BRIEF:
How many of the lines below include "Theorem"? Give the number and no other words.

AVAILABLE DATA:
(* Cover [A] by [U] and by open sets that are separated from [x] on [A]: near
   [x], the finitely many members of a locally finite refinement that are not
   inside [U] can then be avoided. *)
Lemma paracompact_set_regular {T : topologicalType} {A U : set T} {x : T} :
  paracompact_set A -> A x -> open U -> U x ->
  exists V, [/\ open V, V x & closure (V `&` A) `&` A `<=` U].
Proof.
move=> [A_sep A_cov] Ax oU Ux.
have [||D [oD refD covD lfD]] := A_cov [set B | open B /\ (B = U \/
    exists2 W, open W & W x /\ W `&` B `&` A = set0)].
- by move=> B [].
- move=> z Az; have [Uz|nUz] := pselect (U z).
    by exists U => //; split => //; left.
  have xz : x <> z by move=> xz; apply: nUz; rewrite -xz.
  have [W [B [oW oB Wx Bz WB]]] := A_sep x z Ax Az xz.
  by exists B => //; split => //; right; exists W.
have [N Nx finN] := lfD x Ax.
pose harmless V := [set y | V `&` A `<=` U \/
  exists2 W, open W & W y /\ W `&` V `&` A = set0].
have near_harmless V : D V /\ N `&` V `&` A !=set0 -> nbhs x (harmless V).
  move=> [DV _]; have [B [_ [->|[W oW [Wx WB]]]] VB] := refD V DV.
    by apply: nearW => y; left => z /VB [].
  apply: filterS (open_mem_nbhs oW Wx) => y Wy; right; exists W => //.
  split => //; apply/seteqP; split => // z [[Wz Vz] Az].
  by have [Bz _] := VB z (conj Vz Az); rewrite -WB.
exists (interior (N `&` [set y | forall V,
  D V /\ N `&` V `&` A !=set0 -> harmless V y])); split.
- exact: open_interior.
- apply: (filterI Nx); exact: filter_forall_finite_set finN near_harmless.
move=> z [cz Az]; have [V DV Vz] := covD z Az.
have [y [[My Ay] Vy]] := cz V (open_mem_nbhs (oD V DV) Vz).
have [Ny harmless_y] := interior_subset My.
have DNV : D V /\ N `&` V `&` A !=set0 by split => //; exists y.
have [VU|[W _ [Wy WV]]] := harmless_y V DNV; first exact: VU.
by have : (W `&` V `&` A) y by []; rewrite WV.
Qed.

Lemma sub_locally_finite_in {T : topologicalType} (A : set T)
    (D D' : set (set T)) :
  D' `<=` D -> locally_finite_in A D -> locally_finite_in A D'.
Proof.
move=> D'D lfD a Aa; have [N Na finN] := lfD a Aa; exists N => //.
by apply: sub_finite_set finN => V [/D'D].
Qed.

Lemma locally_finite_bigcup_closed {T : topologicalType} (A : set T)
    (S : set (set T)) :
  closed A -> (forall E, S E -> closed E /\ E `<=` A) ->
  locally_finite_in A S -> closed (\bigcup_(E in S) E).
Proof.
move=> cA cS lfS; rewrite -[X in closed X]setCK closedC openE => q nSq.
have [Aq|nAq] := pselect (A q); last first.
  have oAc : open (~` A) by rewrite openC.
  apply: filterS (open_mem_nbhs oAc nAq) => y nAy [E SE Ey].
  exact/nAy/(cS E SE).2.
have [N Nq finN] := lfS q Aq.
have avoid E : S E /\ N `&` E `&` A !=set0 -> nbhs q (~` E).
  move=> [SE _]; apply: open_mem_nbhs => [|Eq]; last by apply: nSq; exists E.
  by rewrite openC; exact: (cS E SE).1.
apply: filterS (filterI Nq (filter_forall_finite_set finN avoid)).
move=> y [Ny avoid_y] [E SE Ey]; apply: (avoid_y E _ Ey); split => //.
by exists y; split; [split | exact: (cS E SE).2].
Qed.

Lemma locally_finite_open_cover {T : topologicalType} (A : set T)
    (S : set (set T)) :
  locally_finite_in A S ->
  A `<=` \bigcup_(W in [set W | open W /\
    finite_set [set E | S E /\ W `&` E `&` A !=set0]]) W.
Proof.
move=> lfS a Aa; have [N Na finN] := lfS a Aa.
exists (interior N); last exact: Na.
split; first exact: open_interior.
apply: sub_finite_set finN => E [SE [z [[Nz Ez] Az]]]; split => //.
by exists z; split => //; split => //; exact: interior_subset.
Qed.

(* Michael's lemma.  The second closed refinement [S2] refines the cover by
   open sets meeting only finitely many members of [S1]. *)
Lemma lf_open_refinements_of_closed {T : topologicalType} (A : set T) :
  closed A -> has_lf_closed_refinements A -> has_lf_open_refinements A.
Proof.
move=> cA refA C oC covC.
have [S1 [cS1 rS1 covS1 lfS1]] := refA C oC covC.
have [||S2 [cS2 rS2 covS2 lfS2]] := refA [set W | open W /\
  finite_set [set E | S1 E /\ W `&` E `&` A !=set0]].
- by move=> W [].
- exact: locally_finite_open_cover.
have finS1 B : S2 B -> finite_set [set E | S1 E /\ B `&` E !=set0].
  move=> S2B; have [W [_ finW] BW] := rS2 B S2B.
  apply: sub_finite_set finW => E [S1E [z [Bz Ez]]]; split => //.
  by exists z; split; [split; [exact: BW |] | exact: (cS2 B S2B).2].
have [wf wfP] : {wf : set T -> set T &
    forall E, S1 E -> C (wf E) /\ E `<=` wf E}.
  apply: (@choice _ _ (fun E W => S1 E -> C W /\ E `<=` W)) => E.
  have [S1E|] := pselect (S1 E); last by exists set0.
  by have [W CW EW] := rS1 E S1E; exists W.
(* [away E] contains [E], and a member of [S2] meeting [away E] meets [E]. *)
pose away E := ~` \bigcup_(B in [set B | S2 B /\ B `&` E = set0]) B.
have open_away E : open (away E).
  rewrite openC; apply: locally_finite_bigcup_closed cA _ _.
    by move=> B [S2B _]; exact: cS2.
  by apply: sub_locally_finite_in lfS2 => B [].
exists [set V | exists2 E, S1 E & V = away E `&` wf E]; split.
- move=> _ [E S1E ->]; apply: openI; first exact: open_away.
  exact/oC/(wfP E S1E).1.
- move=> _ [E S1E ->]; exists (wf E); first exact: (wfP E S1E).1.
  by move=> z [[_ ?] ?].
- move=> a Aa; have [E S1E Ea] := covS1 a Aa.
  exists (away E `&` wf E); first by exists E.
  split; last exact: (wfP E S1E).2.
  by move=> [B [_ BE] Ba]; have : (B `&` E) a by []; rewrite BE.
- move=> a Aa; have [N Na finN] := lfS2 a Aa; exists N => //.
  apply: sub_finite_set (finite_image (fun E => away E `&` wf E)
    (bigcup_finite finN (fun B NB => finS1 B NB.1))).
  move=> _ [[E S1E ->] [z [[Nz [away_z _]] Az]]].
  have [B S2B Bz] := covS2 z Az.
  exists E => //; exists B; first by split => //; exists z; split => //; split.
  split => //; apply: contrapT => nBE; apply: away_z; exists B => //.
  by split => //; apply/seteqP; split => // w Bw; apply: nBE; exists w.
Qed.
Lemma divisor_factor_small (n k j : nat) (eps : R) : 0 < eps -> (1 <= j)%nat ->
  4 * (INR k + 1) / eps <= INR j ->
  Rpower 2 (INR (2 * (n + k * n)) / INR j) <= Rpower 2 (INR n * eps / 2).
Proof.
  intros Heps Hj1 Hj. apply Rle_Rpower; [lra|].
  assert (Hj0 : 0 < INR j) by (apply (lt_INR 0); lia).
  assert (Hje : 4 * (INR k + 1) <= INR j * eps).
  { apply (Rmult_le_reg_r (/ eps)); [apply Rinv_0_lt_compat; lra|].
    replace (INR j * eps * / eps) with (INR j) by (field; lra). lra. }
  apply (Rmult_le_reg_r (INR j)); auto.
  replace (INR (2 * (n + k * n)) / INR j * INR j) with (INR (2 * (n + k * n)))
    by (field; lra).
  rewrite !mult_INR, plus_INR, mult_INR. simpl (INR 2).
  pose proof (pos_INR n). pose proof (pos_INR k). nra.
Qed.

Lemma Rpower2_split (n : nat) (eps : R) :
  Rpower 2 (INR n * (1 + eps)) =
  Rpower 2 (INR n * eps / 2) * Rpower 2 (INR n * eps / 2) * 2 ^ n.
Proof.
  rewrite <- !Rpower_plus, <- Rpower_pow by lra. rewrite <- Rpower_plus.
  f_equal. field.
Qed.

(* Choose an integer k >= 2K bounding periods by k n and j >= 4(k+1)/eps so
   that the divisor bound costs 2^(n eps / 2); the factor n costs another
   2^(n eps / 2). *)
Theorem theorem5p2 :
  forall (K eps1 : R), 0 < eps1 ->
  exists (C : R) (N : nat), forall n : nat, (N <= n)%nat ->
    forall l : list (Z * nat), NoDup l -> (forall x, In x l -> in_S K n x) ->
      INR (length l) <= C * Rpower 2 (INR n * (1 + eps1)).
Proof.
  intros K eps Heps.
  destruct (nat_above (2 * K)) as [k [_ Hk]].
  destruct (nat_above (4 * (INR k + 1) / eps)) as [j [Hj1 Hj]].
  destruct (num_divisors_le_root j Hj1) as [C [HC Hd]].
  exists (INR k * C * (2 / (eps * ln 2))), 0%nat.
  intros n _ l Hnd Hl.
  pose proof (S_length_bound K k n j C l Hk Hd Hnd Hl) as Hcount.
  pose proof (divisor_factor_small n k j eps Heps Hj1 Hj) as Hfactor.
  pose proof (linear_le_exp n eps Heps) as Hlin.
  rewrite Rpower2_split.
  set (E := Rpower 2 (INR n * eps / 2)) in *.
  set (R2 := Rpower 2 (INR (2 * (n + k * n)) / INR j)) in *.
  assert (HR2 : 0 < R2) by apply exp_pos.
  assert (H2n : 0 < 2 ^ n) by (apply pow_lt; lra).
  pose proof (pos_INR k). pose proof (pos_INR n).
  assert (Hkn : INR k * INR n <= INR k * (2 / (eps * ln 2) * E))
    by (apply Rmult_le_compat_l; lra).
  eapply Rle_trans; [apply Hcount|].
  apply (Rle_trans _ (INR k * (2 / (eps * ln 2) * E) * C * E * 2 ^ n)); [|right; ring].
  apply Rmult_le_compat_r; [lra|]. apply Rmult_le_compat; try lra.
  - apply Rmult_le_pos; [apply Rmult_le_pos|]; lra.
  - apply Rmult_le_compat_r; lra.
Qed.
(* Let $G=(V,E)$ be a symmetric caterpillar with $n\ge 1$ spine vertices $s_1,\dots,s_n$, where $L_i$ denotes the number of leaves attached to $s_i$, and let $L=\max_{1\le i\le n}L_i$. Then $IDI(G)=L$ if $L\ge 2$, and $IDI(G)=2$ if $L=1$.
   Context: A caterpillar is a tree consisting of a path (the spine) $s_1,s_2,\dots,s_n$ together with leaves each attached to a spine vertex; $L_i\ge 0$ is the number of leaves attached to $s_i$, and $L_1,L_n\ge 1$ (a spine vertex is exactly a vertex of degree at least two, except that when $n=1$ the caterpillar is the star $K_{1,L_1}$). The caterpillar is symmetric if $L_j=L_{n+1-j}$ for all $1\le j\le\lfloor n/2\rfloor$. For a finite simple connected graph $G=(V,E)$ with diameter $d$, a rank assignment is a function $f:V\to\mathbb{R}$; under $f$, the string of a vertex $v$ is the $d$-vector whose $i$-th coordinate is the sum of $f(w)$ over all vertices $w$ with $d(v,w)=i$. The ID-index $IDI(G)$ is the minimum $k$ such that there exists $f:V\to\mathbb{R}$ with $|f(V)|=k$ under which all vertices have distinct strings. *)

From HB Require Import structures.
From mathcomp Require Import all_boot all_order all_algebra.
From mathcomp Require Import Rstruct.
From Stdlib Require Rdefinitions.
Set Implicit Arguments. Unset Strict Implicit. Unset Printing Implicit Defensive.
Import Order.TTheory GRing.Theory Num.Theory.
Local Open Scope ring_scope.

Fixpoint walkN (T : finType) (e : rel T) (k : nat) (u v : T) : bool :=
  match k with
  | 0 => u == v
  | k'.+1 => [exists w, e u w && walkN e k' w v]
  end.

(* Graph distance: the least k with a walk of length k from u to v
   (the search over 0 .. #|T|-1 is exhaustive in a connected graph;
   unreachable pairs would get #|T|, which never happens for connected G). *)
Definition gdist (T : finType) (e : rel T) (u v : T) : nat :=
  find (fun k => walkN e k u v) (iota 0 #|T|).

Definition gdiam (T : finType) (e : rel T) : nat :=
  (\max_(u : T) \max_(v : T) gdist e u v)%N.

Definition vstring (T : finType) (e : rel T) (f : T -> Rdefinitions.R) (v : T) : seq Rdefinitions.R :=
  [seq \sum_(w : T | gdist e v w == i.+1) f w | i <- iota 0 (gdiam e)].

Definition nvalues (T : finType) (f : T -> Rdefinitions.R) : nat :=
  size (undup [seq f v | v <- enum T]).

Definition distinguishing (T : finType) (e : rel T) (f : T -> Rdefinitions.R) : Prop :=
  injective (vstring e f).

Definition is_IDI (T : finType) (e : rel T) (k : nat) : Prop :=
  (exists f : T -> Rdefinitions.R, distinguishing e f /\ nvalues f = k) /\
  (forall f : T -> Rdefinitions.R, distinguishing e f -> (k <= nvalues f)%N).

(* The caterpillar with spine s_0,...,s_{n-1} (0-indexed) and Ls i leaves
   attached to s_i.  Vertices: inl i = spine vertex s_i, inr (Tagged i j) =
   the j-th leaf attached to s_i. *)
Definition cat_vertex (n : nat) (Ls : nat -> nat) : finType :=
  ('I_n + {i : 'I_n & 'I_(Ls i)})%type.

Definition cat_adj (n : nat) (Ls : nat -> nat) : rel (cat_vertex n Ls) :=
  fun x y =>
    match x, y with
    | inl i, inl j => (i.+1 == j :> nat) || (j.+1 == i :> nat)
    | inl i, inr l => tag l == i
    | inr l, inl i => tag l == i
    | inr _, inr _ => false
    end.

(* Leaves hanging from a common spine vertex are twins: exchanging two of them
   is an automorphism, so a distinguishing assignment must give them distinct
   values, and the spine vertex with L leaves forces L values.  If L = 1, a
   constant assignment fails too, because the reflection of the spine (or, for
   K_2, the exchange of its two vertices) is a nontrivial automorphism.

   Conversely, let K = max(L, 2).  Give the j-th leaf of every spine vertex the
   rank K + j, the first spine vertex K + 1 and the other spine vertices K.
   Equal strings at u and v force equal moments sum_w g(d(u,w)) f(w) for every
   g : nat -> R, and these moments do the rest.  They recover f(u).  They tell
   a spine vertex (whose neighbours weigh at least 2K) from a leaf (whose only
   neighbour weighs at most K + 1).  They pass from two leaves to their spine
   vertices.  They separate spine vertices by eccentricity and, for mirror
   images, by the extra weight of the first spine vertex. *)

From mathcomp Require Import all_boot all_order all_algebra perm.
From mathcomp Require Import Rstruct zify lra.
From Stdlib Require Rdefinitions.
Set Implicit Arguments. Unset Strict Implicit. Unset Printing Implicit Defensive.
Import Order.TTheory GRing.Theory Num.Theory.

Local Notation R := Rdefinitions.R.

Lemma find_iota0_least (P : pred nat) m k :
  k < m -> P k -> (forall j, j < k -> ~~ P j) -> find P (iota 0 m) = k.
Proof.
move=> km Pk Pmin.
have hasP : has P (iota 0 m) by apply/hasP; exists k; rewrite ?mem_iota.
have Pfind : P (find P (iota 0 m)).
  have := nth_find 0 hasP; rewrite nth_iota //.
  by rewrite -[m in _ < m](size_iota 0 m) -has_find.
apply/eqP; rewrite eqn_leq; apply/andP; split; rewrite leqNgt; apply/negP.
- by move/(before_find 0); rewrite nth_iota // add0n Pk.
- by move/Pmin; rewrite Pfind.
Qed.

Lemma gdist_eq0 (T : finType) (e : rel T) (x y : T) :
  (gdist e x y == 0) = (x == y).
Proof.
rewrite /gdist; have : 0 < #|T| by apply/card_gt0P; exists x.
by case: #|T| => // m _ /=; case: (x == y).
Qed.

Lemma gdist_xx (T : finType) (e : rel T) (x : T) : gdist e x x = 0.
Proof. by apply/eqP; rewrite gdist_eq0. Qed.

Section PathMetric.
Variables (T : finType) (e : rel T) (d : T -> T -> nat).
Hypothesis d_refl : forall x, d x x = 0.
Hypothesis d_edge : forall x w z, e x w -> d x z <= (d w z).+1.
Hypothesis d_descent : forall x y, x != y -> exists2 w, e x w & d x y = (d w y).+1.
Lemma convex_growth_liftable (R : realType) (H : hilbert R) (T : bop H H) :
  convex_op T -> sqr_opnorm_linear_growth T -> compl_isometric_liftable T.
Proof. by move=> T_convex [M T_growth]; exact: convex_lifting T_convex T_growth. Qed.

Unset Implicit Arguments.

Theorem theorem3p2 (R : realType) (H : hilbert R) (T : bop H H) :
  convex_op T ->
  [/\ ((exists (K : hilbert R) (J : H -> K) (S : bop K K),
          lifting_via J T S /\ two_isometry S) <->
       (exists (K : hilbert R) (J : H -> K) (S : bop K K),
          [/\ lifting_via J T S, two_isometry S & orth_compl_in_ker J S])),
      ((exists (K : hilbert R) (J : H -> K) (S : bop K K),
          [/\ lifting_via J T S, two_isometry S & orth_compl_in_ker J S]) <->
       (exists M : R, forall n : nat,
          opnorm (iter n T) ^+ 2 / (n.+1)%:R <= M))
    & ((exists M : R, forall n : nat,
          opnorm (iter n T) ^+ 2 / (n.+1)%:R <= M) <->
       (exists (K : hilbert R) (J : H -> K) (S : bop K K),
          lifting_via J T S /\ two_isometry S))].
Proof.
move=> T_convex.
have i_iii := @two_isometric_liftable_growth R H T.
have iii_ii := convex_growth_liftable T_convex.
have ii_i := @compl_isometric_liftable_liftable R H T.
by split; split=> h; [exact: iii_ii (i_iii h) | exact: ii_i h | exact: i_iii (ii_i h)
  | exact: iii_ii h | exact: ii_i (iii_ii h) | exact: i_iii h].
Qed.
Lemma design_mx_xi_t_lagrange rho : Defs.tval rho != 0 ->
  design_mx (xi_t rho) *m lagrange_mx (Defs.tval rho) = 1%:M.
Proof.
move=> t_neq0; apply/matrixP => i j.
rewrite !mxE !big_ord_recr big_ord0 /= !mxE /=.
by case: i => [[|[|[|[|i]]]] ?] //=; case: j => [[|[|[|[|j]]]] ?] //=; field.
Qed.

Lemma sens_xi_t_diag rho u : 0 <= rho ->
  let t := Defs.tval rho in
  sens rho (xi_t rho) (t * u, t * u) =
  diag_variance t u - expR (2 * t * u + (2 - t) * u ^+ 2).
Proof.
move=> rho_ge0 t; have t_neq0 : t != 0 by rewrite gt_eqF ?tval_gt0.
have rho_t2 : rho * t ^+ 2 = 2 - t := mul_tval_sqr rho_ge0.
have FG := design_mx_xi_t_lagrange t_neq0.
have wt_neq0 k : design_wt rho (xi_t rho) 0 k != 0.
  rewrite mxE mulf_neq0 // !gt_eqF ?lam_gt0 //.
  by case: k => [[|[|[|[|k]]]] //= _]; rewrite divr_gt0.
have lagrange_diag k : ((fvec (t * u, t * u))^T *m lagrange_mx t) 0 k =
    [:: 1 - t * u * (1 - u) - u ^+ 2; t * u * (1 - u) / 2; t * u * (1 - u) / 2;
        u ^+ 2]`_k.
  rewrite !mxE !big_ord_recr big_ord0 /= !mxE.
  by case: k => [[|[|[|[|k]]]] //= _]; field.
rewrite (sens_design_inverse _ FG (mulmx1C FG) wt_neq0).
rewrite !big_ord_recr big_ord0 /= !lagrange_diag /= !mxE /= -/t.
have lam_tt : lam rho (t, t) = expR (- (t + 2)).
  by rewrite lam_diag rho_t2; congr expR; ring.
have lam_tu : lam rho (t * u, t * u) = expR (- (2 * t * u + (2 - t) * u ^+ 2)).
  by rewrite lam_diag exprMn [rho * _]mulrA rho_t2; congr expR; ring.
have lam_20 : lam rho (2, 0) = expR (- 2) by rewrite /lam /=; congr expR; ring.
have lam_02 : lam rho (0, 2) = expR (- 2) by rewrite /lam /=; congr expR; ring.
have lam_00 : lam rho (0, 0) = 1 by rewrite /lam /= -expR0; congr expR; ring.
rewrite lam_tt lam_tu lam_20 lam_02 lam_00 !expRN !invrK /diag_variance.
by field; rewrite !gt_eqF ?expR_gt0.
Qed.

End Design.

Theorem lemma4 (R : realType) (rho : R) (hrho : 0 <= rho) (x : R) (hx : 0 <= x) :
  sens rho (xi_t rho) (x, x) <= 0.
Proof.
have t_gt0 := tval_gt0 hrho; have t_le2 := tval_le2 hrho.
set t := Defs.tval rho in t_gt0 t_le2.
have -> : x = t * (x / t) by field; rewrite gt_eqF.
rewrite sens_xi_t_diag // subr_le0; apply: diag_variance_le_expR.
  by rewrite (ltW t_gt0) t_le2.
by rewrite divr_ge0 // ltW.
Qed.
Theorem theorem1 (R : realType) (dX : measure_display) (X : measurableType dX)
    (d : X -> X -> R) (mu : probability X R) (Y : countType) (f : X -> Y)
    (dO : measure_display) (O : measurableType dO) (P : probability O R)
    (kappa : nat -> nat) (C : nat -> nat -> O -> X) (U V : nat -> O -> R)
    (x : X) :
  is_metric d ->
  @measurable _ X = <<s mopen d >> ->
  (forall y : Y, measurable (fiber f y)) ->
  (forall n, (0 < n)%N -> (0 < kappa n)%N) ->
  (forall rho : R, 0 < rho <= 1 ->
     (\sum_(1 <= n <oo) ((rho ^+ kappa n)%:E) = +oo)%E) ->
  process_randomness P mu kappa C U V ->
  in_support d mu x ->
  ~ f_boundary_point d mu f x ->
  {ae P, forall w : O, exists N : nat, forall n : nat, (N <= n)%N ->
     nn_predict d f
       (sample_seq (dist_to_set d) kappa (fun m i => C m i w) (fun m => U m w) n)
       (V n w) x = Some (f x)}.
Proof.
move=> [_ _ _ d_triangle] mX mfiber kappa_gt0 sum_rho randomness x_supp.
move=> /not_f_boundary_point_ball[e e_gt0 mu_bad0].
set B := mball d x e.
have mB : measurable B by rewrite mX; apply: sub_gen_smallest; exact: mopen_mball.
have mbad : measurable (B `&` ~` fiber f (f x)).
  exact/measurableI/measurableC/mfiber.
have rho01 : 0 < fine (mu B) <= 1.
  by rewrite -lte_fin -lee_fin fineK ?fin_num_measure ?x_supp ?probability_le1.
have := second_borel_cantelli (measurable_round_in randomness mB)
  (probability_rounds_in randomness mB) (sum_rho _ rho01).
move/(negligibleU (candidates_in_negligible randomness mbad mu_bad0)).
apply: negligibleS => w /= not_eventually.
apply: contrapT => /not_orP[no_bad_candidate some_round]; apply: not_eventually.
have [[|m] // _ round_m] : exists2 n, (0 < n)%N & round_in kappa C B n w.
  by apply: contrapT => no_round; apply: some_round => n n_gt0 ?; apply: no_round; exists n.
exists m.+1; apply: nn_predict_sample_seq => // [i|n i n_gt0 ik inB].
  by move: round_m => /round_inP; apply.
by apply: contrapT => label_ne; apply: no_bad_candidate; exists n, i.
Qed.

RESPONSE:
4